** Opening The input block **
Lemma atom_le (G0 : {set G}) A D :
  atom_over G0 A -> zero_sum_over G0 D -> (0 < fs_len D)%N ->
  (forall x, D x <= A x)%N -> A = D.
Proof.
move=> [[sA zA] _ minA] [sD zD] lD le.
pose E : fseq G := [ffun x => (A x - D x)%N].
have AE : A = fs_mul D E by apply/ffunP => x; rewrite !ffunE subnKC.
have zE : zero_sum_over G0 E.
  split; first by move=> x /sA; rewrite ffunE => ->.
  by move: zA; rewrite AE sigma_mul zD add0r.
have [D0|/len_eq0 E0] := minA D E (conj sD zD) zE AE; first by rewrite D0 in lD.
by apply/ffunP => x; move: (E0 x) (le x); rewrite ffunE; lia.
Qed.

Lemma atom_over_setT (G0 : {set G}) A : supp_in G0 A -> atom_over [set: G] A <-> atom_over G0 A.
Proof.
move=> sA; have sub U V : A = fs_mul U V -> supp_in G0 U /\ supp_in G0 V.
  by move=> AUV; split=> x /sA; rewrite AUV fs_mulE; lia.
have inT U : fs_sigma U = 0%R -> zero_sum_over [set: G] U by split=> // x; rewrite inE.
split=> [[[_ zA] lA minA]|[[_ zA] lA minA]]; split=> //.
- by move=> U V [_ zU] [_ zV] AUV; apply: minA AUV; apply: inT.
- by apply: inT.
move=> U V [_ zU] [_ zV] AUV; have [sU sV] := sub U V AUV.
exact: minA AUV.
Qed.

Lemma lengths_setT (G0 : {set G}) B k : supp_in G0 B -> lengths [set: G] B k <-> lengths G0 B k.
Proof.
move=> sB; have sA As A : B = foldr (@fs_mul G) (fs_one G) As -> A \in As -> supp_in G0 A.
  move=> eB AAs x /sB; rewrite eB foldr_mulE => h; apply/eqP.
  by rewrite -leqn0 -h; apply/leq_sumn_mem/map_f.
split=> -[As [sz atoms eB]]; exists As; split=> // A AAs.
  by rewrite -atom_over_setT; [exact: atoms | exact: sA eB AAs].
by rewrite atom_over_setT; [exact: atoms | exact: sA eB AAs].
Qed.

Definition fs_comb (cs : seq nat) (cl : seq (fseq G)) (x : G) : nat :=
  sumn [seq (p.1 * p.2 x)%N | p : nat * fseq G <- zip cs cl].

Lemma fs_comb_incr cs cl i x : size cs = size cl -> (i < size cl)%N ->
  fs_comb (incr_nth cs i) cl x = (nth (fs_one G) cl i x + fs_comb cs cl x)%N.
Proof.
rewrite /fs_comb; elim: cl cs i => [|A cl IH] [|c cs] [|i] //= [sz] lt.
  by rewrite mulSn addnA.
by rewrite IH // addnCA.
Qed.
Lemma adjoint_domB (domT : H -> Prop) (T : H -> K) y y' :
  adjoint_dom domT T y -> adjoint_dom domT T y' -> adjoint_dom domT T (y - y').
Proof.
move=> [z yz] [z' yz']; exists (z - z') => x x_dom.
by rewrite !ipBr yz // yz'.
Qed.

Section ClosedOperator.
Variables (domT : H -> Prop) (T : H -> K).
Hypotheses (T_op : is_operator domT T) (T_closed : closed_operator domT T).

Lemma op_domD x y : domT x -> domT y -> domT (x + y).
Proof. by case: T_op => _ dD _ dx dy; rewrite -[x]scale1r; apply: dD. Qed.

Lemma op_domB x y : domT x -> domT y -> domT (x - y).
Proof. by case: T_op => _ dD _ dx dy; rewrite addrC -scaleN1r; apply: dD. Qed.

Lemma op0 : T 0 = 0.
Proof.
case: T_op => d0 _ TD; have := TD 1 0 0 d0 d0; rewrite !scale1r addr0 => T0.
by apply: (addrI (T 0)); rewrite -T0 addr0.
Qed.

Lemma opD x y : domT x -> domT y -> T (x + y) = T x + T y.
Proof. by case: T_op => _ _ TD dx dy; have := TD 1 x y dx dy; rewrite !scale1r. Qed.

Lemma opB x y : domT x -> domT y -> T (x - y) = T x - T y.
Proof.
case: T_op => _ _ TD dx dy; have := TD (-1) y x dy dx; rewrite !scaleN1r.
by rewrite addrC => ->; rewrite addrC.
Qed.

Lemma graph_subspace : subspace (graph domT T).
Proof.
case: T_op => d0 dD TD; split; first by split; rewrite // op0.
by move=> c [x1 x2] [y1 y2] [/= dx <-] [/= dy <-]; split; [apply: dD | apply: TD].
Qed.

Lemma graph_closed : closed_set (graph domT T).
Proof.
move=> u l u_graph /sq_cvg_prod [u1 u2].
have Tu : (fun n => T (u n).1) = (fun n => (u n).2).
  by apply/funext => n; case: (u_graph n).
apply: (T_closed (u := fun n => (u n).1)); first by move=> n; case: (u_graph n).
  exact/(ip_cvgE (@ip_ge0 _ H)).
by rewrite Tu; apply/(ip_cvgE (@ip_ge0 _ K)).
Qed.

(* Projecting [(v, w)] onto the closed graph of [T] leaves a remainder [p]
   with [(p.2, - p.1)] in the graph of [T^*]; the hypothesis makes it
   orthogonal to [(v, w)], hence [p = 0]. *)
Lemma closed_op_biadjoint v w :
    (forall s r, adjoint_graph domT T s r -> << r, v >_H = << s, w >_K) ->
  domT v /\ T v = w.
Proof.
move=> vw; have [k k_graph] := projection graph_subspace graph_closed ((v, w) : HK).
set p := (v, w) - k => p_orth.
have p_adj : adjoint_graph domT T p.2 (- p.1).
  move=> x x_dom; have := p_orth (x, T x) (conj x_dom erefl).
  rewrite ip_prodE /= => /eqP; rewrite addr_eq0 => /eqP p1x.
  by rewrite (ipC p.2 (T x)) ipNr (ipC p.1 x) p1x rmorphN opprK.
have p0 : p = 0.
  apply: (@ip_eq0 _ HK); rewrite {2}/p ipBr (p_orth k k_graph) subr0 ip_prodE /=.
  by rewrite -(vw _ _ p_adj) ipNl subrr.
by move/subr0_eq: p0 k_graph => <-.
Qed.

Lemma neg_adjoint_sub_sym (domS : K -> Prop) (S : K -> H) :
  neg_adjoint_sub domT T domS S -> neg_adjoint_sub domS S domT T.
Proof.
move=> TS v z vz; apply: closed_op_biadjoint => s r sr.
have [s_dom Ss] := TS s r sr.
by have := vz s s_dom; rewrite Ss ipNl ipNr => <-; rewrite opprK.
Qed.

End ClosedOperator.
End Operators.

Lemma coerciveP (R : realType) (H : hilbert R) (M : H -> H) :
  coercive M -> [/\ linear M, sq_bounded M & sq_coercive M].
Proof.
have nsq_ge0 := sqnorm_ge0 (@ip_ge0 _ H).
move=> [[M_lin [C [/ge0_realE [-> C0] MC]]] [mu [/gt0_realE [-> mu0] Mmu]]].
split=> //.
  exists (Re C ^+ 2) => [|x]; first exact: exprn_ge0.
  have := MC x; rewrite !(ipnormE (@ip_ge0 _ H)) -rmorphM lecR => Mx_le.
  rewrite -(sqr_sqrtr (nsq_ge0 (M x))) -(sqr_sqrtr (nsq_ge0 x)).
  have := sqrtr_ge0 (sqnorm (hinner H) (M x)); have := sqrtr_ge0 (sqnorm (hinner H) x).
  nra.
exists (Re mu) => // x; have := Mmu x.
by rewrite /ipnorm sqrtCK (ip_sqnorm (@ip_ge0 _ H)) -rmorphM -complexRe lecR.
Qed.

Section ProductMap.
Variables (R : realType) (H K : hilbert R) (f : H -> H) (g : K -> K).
** Closing The input block **
## [Task item]
All the records, from start to finish, are to be repeated exactly.

## [Written response]
Lemma atom_le (G0 : {set G}) A D :
  atom_over G0 A -> zero_sum_over G0 D -> (0 < fs_len D)%N ->
  (forall x, D x <= A x)%N -> A = D.
Proof.
move=> [[sA zA] _ minA] [sD zD] lD le.
pose E : fseq G := [ffun x => (A x - D x)%N].
have AE : A = fs_mul D E by apply/ffunP => x; rewrite !ffunE subnKC.
have zE : zero_sum_over G0 E.
  split; first by move=> x /sA; rewrite ffunE => ->.
  by move: zA; rewrite AE sigma_mul zD add0r.
have [D0|/len_eq0 E0] := minA D E (conj sD zD) zE AE; first by rewrite D0 in lD.
by apply/ffunP => x; move: (E0 x) (le x); rewrite ffunE; lia.
Qed.

Lemma atom_over_setT (G0 : {set G}) A : supp_in G0 A -> atom_over [set: G] A <-> atom_over G0 A.
Proof.
move=> sA; have sub U V : A = fs_mul U V -> supp_in G0 U /\ supp_in G0 V.
  by move=> AUV; split=> x /sA; rewrite AUV fs_mulE; lia.
have inT U : fs_sigma U = 0%R -> zero_sum_over [set: G] U by split=> // x; rewrite inE.
split=> [[[_ zA] lA minA]|[[_ zA] lA minA]]; split=> //.
- by move=> U V [_ zU] [_ zV] AUV; apply: minA AUV; apply: inT.
- by apply: inT.
move=> U V [_ zU] [_ zV] AUV; have [sU sV] := sub U V AUV.
exact: minA AUV.
Qed.

Lemma lengths_setT (G0 : {set G}) B k : supp_in G0 B -> lengths [set: G] B k <-> lengths G0 B k.
Proof.
move=> sB; have sA As A : B = foldr (@fs_mul G) (fs_one G) As -> A \in As -> supp_in G0 A.
  move=> eB AAs x /sB; rewrite eB foldr_mulE => h; apply/eqP.
  by rewrite -leqn0 -h; apply/leq_sumn_mem/map_f.
split=> -[As [sz atoms eB]]; exists As; split=> // A AAs.
  by rewrite -atom_over_setT; [exact: atoms | exact: sA eB AAs].
by rewrite atom_over_setT; [exact: atoms | exact: sA eB AAs].
Qed.

Definition fs_comb (cs : seq nat) (cl : seq (fseq G)) (x : G) : nat :=
  sumn [seq (p.1 * p.2 x)%N | p : nat * fseq G <- zip cs cl].

Lemma fs_comb_incr cs cl i x : size cs = size cl -> (i < size cl)%N ->
  fs_comb (incr_nth cs i) cl x = (nth (fs_one G) cl i x + fs_comb cs cl x)%N.
Proof.
rewrite /fs_comb; elim: cl cs i => [|A cl IH] [|c cs] [|i] //= [sz] lt.
  by rewrite mulSn addnA.
by rewrite IH // addnCA.
Qed.
Lemma adjoint_domB (domT : H -> Prop) (T : H -> K) y y' :
  adjoint_dom domT T y -> adjoint_dom domT T y' -> adjoint_dom domT T (y - y').
Proof.
move=> [z yz] [z' yz']; exists (z - z') => x x_dom.
by rewrite !ipBr yz // yz'.
Qed.

Section ClosedOperator.
Variables (domT : H -> Prop) (T : H -> K).
Hypotheses (T_op : is_operator domT T) (T_closed : closed_operator domT T).

Lemma op_domD x y : domT x -> domT y -> domT (x + y).
Proof. by case: T_op => _ dD _ dx dy; rewrite -[x]scale1r; apply: dD. Qed.

Lemma op_domB x y : domT x -> domT y -> domT (x - y).
Proof. by case: T_op => _ dD _ dx dy; rewrite addrC -scaleN1r; apply: dD. Qed.

Lemma op0 : T 0 = 0.
Proof.
case: T_op => d0 _ TD; have := TD 1 0 0 d0 d0; rewrite !scale1r addr0 => T0.
by apply: (addrI (T 0)); rewrite -T0 addr0.
Qed.

Lemma opD x y : domT x -> domT y -> T (x + y) = T x + T y.
Proof. by case: T_op => _ _ TD dx dy; have := TD 1 x y dx dy; rewrite !scale1r. Qed.

Lemma opB x y : domT x -> domT y -> T (x - y) = T x - T y.
Proof.
case: T_op => _ _ TD dx dy; have := TD (-1) y x dy dx; rewrite !scaleN1r.
by rewrite addrC => ->; rewrite addrC.
Qed.

Lemma graph_subspace : subspace (graph domT T).
Proof.
case: T_op => d0 dD TD; split; first by split; rewrite // op0.
by move=> c [x1 x2] [y1 y2] [/= dx <-] [/= dy <-]; split; [apply: dD | apply: TD].
Qed.

Lemma graph_closed : closed_set (graph domT T).
Proof.
move=> u l u_graph /sq_cvg_prod [u1 u2].
have Tu : (fun n => T (u n).1) = (fun n => (u n).2).
  by apply/funext => n; case: (u_graph n).
apply: (T_closed (u := fun n => (u n).1)); first by move=> n; case: (u_graph n).
  exact/(ip_cvgE (@ip_ge0 _ H)).
by rewrite Tu; apply/(ip_cvgE (@ip_ge0 _ K)).
Qed.

(* Projecting [(v, w)] onto the closed graph of [T] leaves a remainder [p]
   with [(p.2, - p.1)] in the graph of [T^*]; the hypothesis makes it
   orthogonal to [(v, w)], hence [p = 0]. *)
Lemma closed_op_biadjoint v w :
    (forall s r, adjoint_graph domT T s r -> << r, v >_H = << s, w >_K) ->
  domT v /\ T v = w.
Proof.
move=> vw; have [k k_graph] := projection graph_subspace graph_closed ((v, w) : HK).
set p := (v, w) - k => p_orth.
have p_adj : adjoint_graph domT T p.2 (- p.1).
  move=> x x_dom; have := p_orth (x, T x) (conj x_dom erefl).
  rewrite ip_prodE /= => /eqP; rewrite addr_eq0 => /eqP p1x.
  by rewrite (ipC p.2 (T x)) ipNr (ipC p.1 x) p1x rmorphN opprK.
have p0 : p = 0.
  apply: (@ip_eq0 _ HK); rewrite {2}/p ipBr (p_orth k k_graph) subr0 ip_prodE /=.
  by rewrite -(vw _ _ p_adj) ipNl subrr.
by move/subr0_eq: p0 k_graph => <-.
Qed.

Lemma neg_adjoint_sub_sym (domS : K -> Prop) (S : K -> H) :
  neg_adjoint_sub domT T domS S -> neg_adjoint_sub domS S domT T.
Proof.
move=> TS v z vz; apply: closed_op_biadjoint => s r sr.
have [s_dom Ss] := TS s r sr.
by have := vz s s_dom; rewrite Ss ipNl ipNr => <-; rewrite opprK.
Qed.

End ClosedOperator.
End Operators.

Lemma coerciveP (R : realType) (H : hilbert R) (M : H -> H) :
  coercive M -> [/\ linear M, sq_bounded M & sq_coercive M].
Proof.
have nsq_ge0 := sqnorm_ge0 (@ip_ge0 _ H).
move=> [[M_lin [C [/ge0_realE [-> C0] MC]]] [mu [/gt0_realE [-> mu0] Mmu]]].
split=> //.
  exists (Re C ^+ 2) => [|x]; first exact: exprn_ge0.
  have := MC x; rewrite !(ipnormE (@ip_ge0 _ H)) -rmorphM lecR => Mx_le.
  rewrite -(sqr_sqrtr (nsq_ge0 (M x))) -(sqr_sqrtr (nsq_ge0 x)).
  have := sqrtr_ge0 (sqnorm (hinner H) (M x)); have := sqrtr_ge0 (sqnorm (hinner H) x).
  nra.
exists (Re mu) => // x; have := Mmu x.
by rewrite /ipnorm sqrtCK (ip_sqnorm (@ip_ge0 _ H)) -rmorphM -complexRe lecR.
Qed.

Section ProductMap.
Variables (R : realType) (H K : hilbert R) (f : H -> H) (g : K -> K).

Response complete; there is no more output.